Second, we look for companies that pay out significant dividends and buy back shares.
A large part of our investment thesis is that you will get some of this money back. We don’t care if it’s in the form of dividends or buybacks.
Third, we look for high-quality, profitable companies.
Nick: Trump has had difficulty passing legislation so far. We all saw what happened with his Obamacare “repeal and replace” bills. What if tax reform doesn’t pass?
Teeka: Even if tax reform doesn’t happen, you still want to own these types of names. I always say, “never put a name in the portfolio if there’s only one catalyst.”
Like I said, these are high-quality companies with strong, stable dividends. These are great investments even if tax reform doesn’t pass.
Nick: Is there a simple way for readers to play this?
Teeka: Apple was one of the biggest benefiters of the last tax repatriation holiday.
Today, Apple has $230 billion in foreign cash.
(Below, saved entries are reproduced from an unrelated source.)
(* Let $d\in\mathbb{N}$, $r\in\mathbb{N}$ with $r\ge2$, set $\delta=r^{-7/2}$, $\sigma=\sqrt{\log(1/\delta)}/r$, $\gamma=\sqrt{\tfrac52\log r}$, $R=1+\gamma(2+\sqrt2)\sqrt d\,\sigma$, $b=(R+1)^2/(4\sigma^2)$, and let $\mathcal K_r$ and $\mathcal K_G^{\sigma,R}$ be as in the context. For any $k\in\mathbb{N}$, \[ \|\mathcal K_rT_k-\mathcal K_G^{\sigma,R}T_k\|_\infty\le 2R\,\frac{3\delta}{\sqrt{2\pi}\sigma}\max_{y\in[-R,R]}|T_k(y)|. \] In particular, if $R\le1+\frac{1}{10k^2}$, then $\|\mathcal K_rT_k-\mathcal K_G^{\sigma,R}T_k\|_\infty\le\frac{24\delta}{\sqrt{2\pi}\sigma}$.
   Context: $T_k(x)=\cos(k\arccos x)$ (extended as a polynomial to $\mathbb{R}$). $\|g\|_\infty=\sup_{x\in[-1,1]}|g(x)|$. $s_{b,\delta}$ is a univariate polynomial of degree $\lceil\sqrt{2\theta\log(4/\delta)}\rceil$, $\theta=\lceil\max\{\tfrac12be^2,\log(2/\delta)\}\rceil$, with $|e^{-t}-s_{b,\delta}(t)|\le\delta$ for all $t\in[0,b]$. $K_r(x,y)=\frac1{\sqrt{2\pi}\sigma}s_{b,\delta}^2\!\left(\frac{(x-y)^2}{4\sigma^2}\right)$, $\mathcal K_r(f)(x)=\int_{-R}^RK_r(x,y)f(y)\,dy$. The Gaussian kernel is $K_G^\sigma(x,y)=\frac1{\sqrt{2\pi}\sigma}\exp\!\left(-\frac{(x-y)^2}{2\sigma^2}\right)$ and the truncated Gauss–Weierstrass operator is $\mathcal K_G^{\sigma,R}(f)(x)=\int_{-R}^RK_G^\sigma(x,y)f(y)\,dy$. $\log$ is the natural logarithm. *)

From Stdlib Require Import Reals Lra ZArith.
From Coquelicot Require Import Coquelicot.
Open Scope R_scope.

(* Chebyshev polynomials of the first kind, as polynomial functions on R:
   T_0 = 1, T_1 = x, T_{k+2} = 2 x T_{k+1} - T_k.  This is the polynomial
   extension of cos(k arccos x). *)
Fixpoint cheb_pair (k : nat) (x : R) : R * R :=
  match k with
  | O => (1, x)
  | S k' => let (a, b) := cheb_pair k' x in (b, 2 * x * b - a)
  end.
Definition cheb (k : nat) (x : R) : R := fst (cheb_pair k x).

(* ceiling, via Stdlib's up: up y is the integer with y < up y <= y + 1 *)
Definition ceilZ (x : R) : Z := (- (up (- x) - 1))%Z.

(* supremum of |f| over [a, b] (for continuous f on a compact interval this is the max) *)
Definition sup_abs_on (f : R -> R) (a b : R) : R :=
  real (Lub_Rbar (fun z => exists y, a <= y <= b /\ z = Rabs (f y))).

Definition supnorm (g : R -> R) : R := sup_abs_on g (-1) 1.

Definition is_poly_of_degree (s : R -> R) (n : nat) : Prop :=
  exists a : nat -> R, a n <> 0 /\ forall t, s t = sum_f_R0 (fun i => a i * t ^ i) n.

Definition theta (b δ : R) : R := IZR (ceilZ (Rmax (b * exp 2 / 2) (ln (2 / δ)))).
Definition sdeg (b δ : R) : nat := Z.to_nat (ceilZ (sqrt (2 * theta b δ * ln (4 / δ)))).

Definition is_s (b δ : R) (s : R -> R) : Prop :=
  is_poly_of_degree s (sdeg b δ) /\
  forall t, 0 <= t <= b -> Rabs (exp (- t) - s t) <= δ.

Definition delt (r : nat) : R := Rpower (INR r) (- (7 / 2)).
Definition sigm (r : nat) : R := sqrt (ln (1 / delt r)) / INR r.
Definition gam (r : nat) : R := sqrt (5 / 2 * ln (INR r)).
Definition Rbd (d r : nat) : R := 1 + gam r * (2 + sqrt 2) * sqrt (INR d) * sigm r.
Definition bpar (d r : nat) : R := (Rbd d r + 1) ^ 2 / (4 * sigm r ^ 2).

Definition Kr (σ : R) (s : R -> R) (x y : R) : R :=
  1 / (sqrt (2 * PI) * σ) * (s ((x - y) ^ 2 / (4 * σ ^ 2))) ^ 2.
Definition KG (σ : R) (x y : R) : R :=
  1 / (sqrt (2 * PI) * σ) * exp (- ((x - y) ^ 2 / (2 * σ ^ 2))).
Definition opKr (σ : R) (s : R -> R) (Rb : R) (f : R -> R) (x : R) : R :=
  RInt (fun y => Kr σ s x y * f y) (- Rb) Rb.
Definition opKG (σ Rb : R) (f : R -> R) (x : R) : R :=
  RInt (fun y => KG σ x y * f y) (- Rb) Rb.

(* For x in [-1, 1] and y in [-R, R], t = (x - y)^2 / (4 sigma^2) lies in [0, b],
   and K_G = c e^{-2t}, K_r = c s(t)^2 with c = 1 / (sqrt (2 pi) sigma).  Since
   |s(t) - e^{-t}| <= delta <= 1 and e^{-t} <= 1, the kernels differ by at most
   3 c delta, and integrating over [-R, R] against any continuous f gives the first
   bound.  For the second, |T_k| <= 1 on (-1, 1) by the identity
   T_k^2 - 2 y T_k T_{k+1} + T_{k+1}^2 = 1 - y^2, and along the three-term
   recurrence T_k(1 + e) <= 1 + 2k(k+1)e <= 2 when k^2 e <= 1/10; by parity
   |T_k| <= 2 on [-R, R]. *)

From Stdlib Require Import Reals Lra Lia.
From Coquelicot Require Import Coquelicot.
Open Scope R_scope.

Lemma cheb_pair_fst_S k x : fst (cheb_pair (S k) x) = snd (cheb_pair k x).
Proof. simpl. destruct (cheb_pair k x); reflexivity. Qed.

Lemma cheb_pair_snd_S k x :
  snd (cheb_pair (S k) x) = 2 * x * snd (cheb_pair k x) - fst (cheb_pair k x).
Proof. simpl. destruct (cheb_pair k x); reflexivity. Qed.

Lemma cheb_pair_continuous k x :
  continuous (fun y => fst (cheb_pair k y)) x /\
  continuous (fun y => snd (cheb_pair k y)) x.
Proof.
  induction k as [|k [IH1 IH2]]; simpl.
  - split; [apply continuous_const | apply continuous_id].
  - split.
    + eapply continuous_ext; [intros; symmetry; apply cheb_pair_fst_S | exact IH2].
    + eapply continuous_ext; [intros; symmetry; apply cheb_pair_snd_S|].
      apply (continuous_minus (fun y => 2 * y * snd (cheb_pair k y))); [|exact IH1].
      apply (continuous_mult (fun y => 2 * y)); [|exact IH2].
      apply (continuous_mult (fun _ => 2)); [apply continuous_const | apply continuous_id].
Qed.

Lemma cheb_continuous k x : continuous (cheb k) x.
Proof. exact (proj1 (cheb_pair_continuous k x)). Qed.

Lemma cheb_pair_pell k y :
  let a := fst (cheb_pair k y) in let b := snd (cheb_pair k y) in
  a * a - 2 * y * a * b + b * b = 1 - y * y.
Proof.
  induction k as [|k IH]; cbv zeta in *; [simpl; ring|].
  rewrite cheb_pair_fst_S, cheb_pair_snd_S, <- IH. ring.
Qed.

Lemma cheb_abs_le1 k y : -1 < y < 1 -> Rabs (cheb k y) <= 1.
Proof.
  intros Hy. unfold cheb. pose proof (cheb_pair_pell k y) as Pell. simpl in Pell.
  set (a := fst (cheb_pair k y)) in *. set (b := snd (cheb_pair k y)) in *.
  assert (Hsq : (1 - y * y) * (a * a)
                = (a * a - 2 * y * a * b + b * b) - (b - y * a) * (b - y * a)) by ring.
  rewrite Pell in Hsq.
  assert (Ha : a * a <= 1).
  { apply (Rmult_le_reg_l (1 - y * y)); [nra|].
    pose proof (Rle_0_sqr (b - y * a)). unfold Rsqr in *. lra. }
  apply Rabs_le. nra.
Qed.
Based on history, we expect Apple to repatriate 90% of that cash, or $207 billion.
Nick: Thanks for taking the time to talk to us… and to reassure me that these stocks will be good for our portfolio even if tax reform doesn’t pass. Have a good one.
Teeka: You’re welcome, Nick.
Nick’s Note: Right now, Teeka has seven stocks in the PBL portfolio (including Apple) that will get a boost from Trump’s tax plan. Of the seven, a couple are already up nearly 10%.
These are high-quality companies that pay a large, stable dividend. That makes them attractive for yield-hungry investors.
But if President Trump’s tax reform passes, these stocks will really take off.
Meanwhile, Teeka tells me there’s another sector poised to take off by December 31. It involves the launch of America’s first new “stock exchange” since 1971. You can get all the details right here…
U.S. Labor Market Improving
The U.S. jobless rate is at its lowest point in the last 44 years…
The number of jobless claims is a strong indication of how the labor market is doing. As you can see in the chart below, that number is near historical lows.
These latest numbers are just another indicator that the U.S. is doing well.
From Jeb B.: I hear that your small-cap Palm Beach Confidential service now has 180,000 subscribers? Holy cow! I remember you saying this service was meant to be smaller so that we didn’t move the needle too much on these smaller picks. Seems like that goal is now lost. Just something to think about.
Nick’s Reply: Hi Jeb. It looks like someone has been bragging on our behalf… and getting creative with the facts.
Palm Beach Daily—my beat—has hundreds of thousands of readers. Then again… it’s free.
As you note, Teeka’s Palm Beach Confidential covers small-cap stocks and tiny cryptocurrencies.
These things can jump big if too many people try to get in at once. That’s why it’s is much more expensive… and much more exclusive. The Confidential has only a miniscule fraction of readers as the Daily. And that’s by design.
From Eddie F.: The B1-B bombers are not nuclear bombers (From October 18 Daily, Trump’s $700 Billion Spending Spree Will Boost These Three Companies). When first activated they were, but they went conventional many, many years ago.
Nick’s Reply: Thanks for the catch, Eddie. You’re right. The B1-B bomber was converted from a nuclear bomber to a conventional bomber.